Gebietsfremde Arten weltweit auf dem Vormarsch
Die Anzahl gebietsfremder Arten nimmt kontinuierlich zu und es gibt weltweit keine Anzeichen, dass dieser Trend abebbt, berichtet ein internationales Team von 45 Forschern unter der Leitung von Senckenberg-Wissenschaftlern und der Universität Wien im renommierten Fachjournal „Nature Communications“.
Den Forschern zufolge hat im Lauf der letzten zweihundert Jahre die Rate der Erstmeldungen gebietsfremder Arten stetig zugenommen. Allein zwischen 1970 und 2014 wurde ein Drittel aller jemals als gebietsfremd deklarierten Arten registriert.
Die Zahl der Arten, die durch den Menschen in neue Gebiete eingeschleppt wurden, ist in den letzten Jahrzehnten stetig angestiegen. „Es war jedoch bisher unklar, ob damit die Spitze des Bergs schon erreicht ist“, so Dr.

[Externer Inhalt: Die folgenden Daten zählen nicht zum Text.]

(* With probability at least $1-o_n(1)$, $\mathbf f\sim\mathcal D^{J}_{\mathrm{no}}$ is $0.2$-far from every $(n/2)$-junta, i.e. $\Pr_x[\mathbf f(x)\ne g(x)]\ge 0.2$ for every $g:\{0,1\}^n\to\{0,1\}$ depending on at most $n/2$ coordinates.
   Context: Let $n$ be even and $a=n/2$. For a set $A$ of size $a$ and $z\in\{0,1\}^A$ with Hamming weight $|z|$: $h^{(-,0)}(z)=1$ iff $|z|>a/2+0.05\sqrt a$; $h^{(-,1)}(z)=1$ iff $|z|<a/2-0.05\sqrt a$. A draw $\mathbf f\sim\mathcal D^{J}_{\mathrm{no}}$: choose $\mathbf A\subseteq[n]$ uniformly of size $a$, $\mathbf C=[n]\setminus\mathbf A$, and a uniformly random function $\mathbf b:\{0,1\}^{\mathbf C}\to\{0,1\}$; set $\mathbf f(x)=h^{(-,\mathbf b(x_{\mathbf C}))}(x_{\mathbf A})$, where $x_B$ is the restriction of $x$ to $B$. *)

From HB Require Import structures.
From mathcomp Require Import all_boot all_order all_algebra.
From mathcomp Require Import boolp reals.
Set Implicit Arguments. Unset Strict Implicit. Unset Printing Implicit Defensive.
Import Order.TTheory GRing.Theory Num.Theory.
Local Open Scope ring_scope.

Definition pt (n : nat) := {ffun 'I_n -> bool}.

Definition wt n (A : {set 'I_n}) (x : pt n) : nat := #|[set i in A | x i]|.

Section D.
Variable R : realType.

Definition h0 n (A : {set 'I_n}) (x : pt n) : bool :=
  let a := (n./2)%:R : R in
  (wt A x)%:R > a / 2 + (1/20) * Num.sqrt a.
Definition h1 n (A : {set 'I_n}) (x : pt n) : bool :=
  let a := (n./2)%:R : R in
  (wt A x)%:R < a / 2 - (1/20) * Num.sqrt a.

(* restriction x_C, represented as the point agreeing with x on C and
   false outside C *)
Definition restr n (C : {set 'I_n}) (x : pt n) : pt n :=
  [ffun i => (i \in C) && x i].

Definition fno n (A : {set 'I_n}) (b : {ffun pt n -> bool}) (x : pt n) : bool :=
  if b (restr (~: A) x) then h1 A x else h0 A x.

Definition is_junta n (k : nat) (g : pt n -> bool) : Prop :=
  exists S : {set 'I_n}, (#|S| <= k)%N /\
    forall x y : pt n, (forall i, i \in S -> x i = y i) -> g x = g y.

Definition dist n (f g : pt n -> bool) : R :=
  #|[set x : pt n | f x != g x]|%:R / (2 ^ n)%:R.

Definition far_from_juntas n (eps : R) (k : nat) (f : pt n -> bool) : Prop :=
  forall g : pt n -> bool, is_junta k g -> eps <= dist f g.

Hanno Seebens vom Senckenberg Biodiversität und Klima Forschungszentrum in Frankfurt, Erstautor der Studie hat nun eine Antwort: „Die Anzahl gebietsfremder Arten hat in den letzten 200 Jahren bei allen Organismengruppen ununterbrochen zugenommen. Die Rate der Einführung ist in vielen Fällen sogar gegenwärtig am höchsten. Mit Ausnahme von Säugetieren und Fischen gibt es keine Hinweise auf eine Abschwächung der Trends. In Zukunft ist daher mit mehr Invasionen zu rechnen.“
Diese Einschätzung ist das Resultat eines internationalen Forschungsprojektes, an dem sich 45 Wissenschaftler beteiligten. Gemeinsam erstellten sie eine Datenbank, die Angaben zum Erstfund einer gebietsfremden Art außerhalb ihres Heimatgebiets beinhaltet. Über 45.000 dieser Erstfunde von über 16.000 Arten sind dort verzeichnet – genug Material, um die Geschichte der Neuankömmlinge in den letzten Jahrhunderten nachzuvollziehen.
37% aller Erstfunde wurden demnach in den letzten Jahrzehnten (1970-2014) registriert. Global wurden bis zu 585 neueingewanderte Arten jährlich gefunden. Das entspricht mehr als 1,5 neuen Arten pro Tag weltweit. „In vielen Fällen ist aber nicht bekannt, wann genau eine gebietsfremde Art zum ersten Mal aufgetaucht ist. Diese Zahl unterschätzt daher die tatsächliche Tragweite der Bioinvasion deutlich“, erklärt Dr. Franz Essl von Universität Wien, zweiter Leiter der Studie.
Die beobachteten Trends variieren deutlich zwischen den Organismengruppen, deren Ursache ist häufig menschliches Handeln. „Wir beobachten, dass die Erstfunde bei Gefäßpflanzen bereits im 19. Jahrhundert zunahmen, was vermutlich auf den damaligen Boom im Gartenbau zurückgeht. Organismen wie Insekten, Muscheln oder Algen hingegen wurden vor allem seit 1950 in zunehmendem Maße ausserhalb ihrer Heimatregion registriert. Das hängt sehr wahrscheinlich mit der Globalisierung des Handelns zusammen“, so Seebens.
Der beispiellose Anstieg der Anzahl gebietsfremder Arten kann zu einer hohen Belastung der Umwelt führen, da einheimische Arten verdrängt und ganze Ökosysteme verändert werden können. Außerdem gleichen sich pflanzliche und tierischen Artengemeinschaften weltweit immer mehr an, so dass regionale Unterschiede verloren gehen. Gesetze und Abkommen rund um den Globus zielen daher darauf ab, die Ausbreitung gebietsfremder Arten einzudämmen. „Unsere Studie zeigt aber, dass diese Anstrengungen, nicht weitreichend genug waren, um mit dem Anstieg neuer Arten aufgrund der fortschreitenden Globalisierung Schritt zu halten. Es daher dringend notwendig, effektivere Maßnahmen zur Eindämmung auf allen Ebenen zu implementieren“, appelliert Essl.